BEGIN Exercise material
Lemma oppr_neq (x : k) : x != 0 -> - x != x.
Proof.
move=> x0; apply: contra two_neq0 => /eqP xN.
have : x *+ 2 == 0 by rewrite mulr2n -{1}xN addNr.
by rewrite -(mulr_natr x) mulf_eq0 (negbTE x0).
Qed.

Lemma sqr_eqN1_neq0 (x : k) : x ^+ 2 = -1 -> x != 0.
Proof.
by move=> x2; apply: contra_eq_neq x2 => ->; rewrite expr0n eq_sym oppr_eq0 oner_eq0.
Qed.

Lemma sqr_eqN1_inv (x : k) : x ^+ 2 = -1 -> x^-1 = - x.
Proof.
move=> x2; apply: (mulfI (sqr_eqN1_neq0 x2)).
by rewrite mulfV ?sqr_eqN1_neq0 // mulrN -expr2 x2 opprK.
Qed.

Lemma oner_neqN1 : 1 != -1 :> k.
Proof. by apply: contra two_neq0 => /eqP one_N1; rewrite -[2%:R]/(1 + 1) {1}one_N1 addNr. Qed.

Lemma sqr_eqN1_ktri (x : k) : x ^+ 2 = -1 -> ktri x.
Proof.
move=> x2; split; first exact: sqr_eqN1_neq0.
  by apply: contra_eq_neq x2 => ->; rewrite expr1n oner_neqN1.
by apply: contra_eq_neq x2 => ->; rewrite sqrrN expr1n oner_neqN1.
Qed.

Lemma ktri_opp (x : k) : ktri x -> ktri (- x).
Proof. by case=> x0 x1 xN1; split; rewrite ?oppr_eq0 // eqr_oppLR // opprK. Qed.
END Exercise material
**Prompt**
Please print the full listing shown above, exactly as it appears.

**Solution for this task**
Lemma oppr_neq (x : k) : x != 0 -> - x != x.
Proof.
move=> x0; apply: contra two_neq0 => /eqP xN.
have : x *+ 2 == 0 by rewrite mulr2n -{1}xN addNr.
by rewrite -(mulr_natr x) mulf_eq0 (negbTE x0).
Qed.

Lemma sqr_eqN1_neq0 (x : k) : x ^+ 2 = -1 -> x != 0.
Proof.
by move=> x2; apply: contra_eq_neq x2 => ->; rewrite expr0n eq_sym oppr_eq0 oner_eq0.
Qed.

Lemma sqr_eqN1_inv (x : k) : x ^+ 2 = -1 -> x^-1 = - x.
Proof.
move=> x2; apply: (mulfI (sqr_eqN1_neq0 x2)).
by rewrite mulfV ?sqr_eqN1_neq0 // mulrN -expr2 x2 opprK.
Qed.

Lemma oner_neqN1 : 1 != -1 :> k.
Proof. by apply: contra two_neq0 => /eqP one_N1; rewrite -[2%:R]/(1 + 1) {1}one_N1 addNr. Qed.

Lemma sqr_eqN1_ktri (x : k) : x ^+ 2 = -1 -> ktri x.
Proof.
move=> x2; split; first exact: sqr_eqN1_neq0.
  by apply: contra_eq_neq x2 => ->; rewrite expr1n oner_neqN1.
by apply: contra_eq_neq x2 => ->; rewrite sqrrN expr1n oner_neqN1.
Qed.

Lemma ktri_opp (x : k) : ktri x -> ktri (- x).
Proof. by case=> x0 x1 xN1; split; rewrite ?oppr_eq0 // eqr_oppLR // opprK. Qed.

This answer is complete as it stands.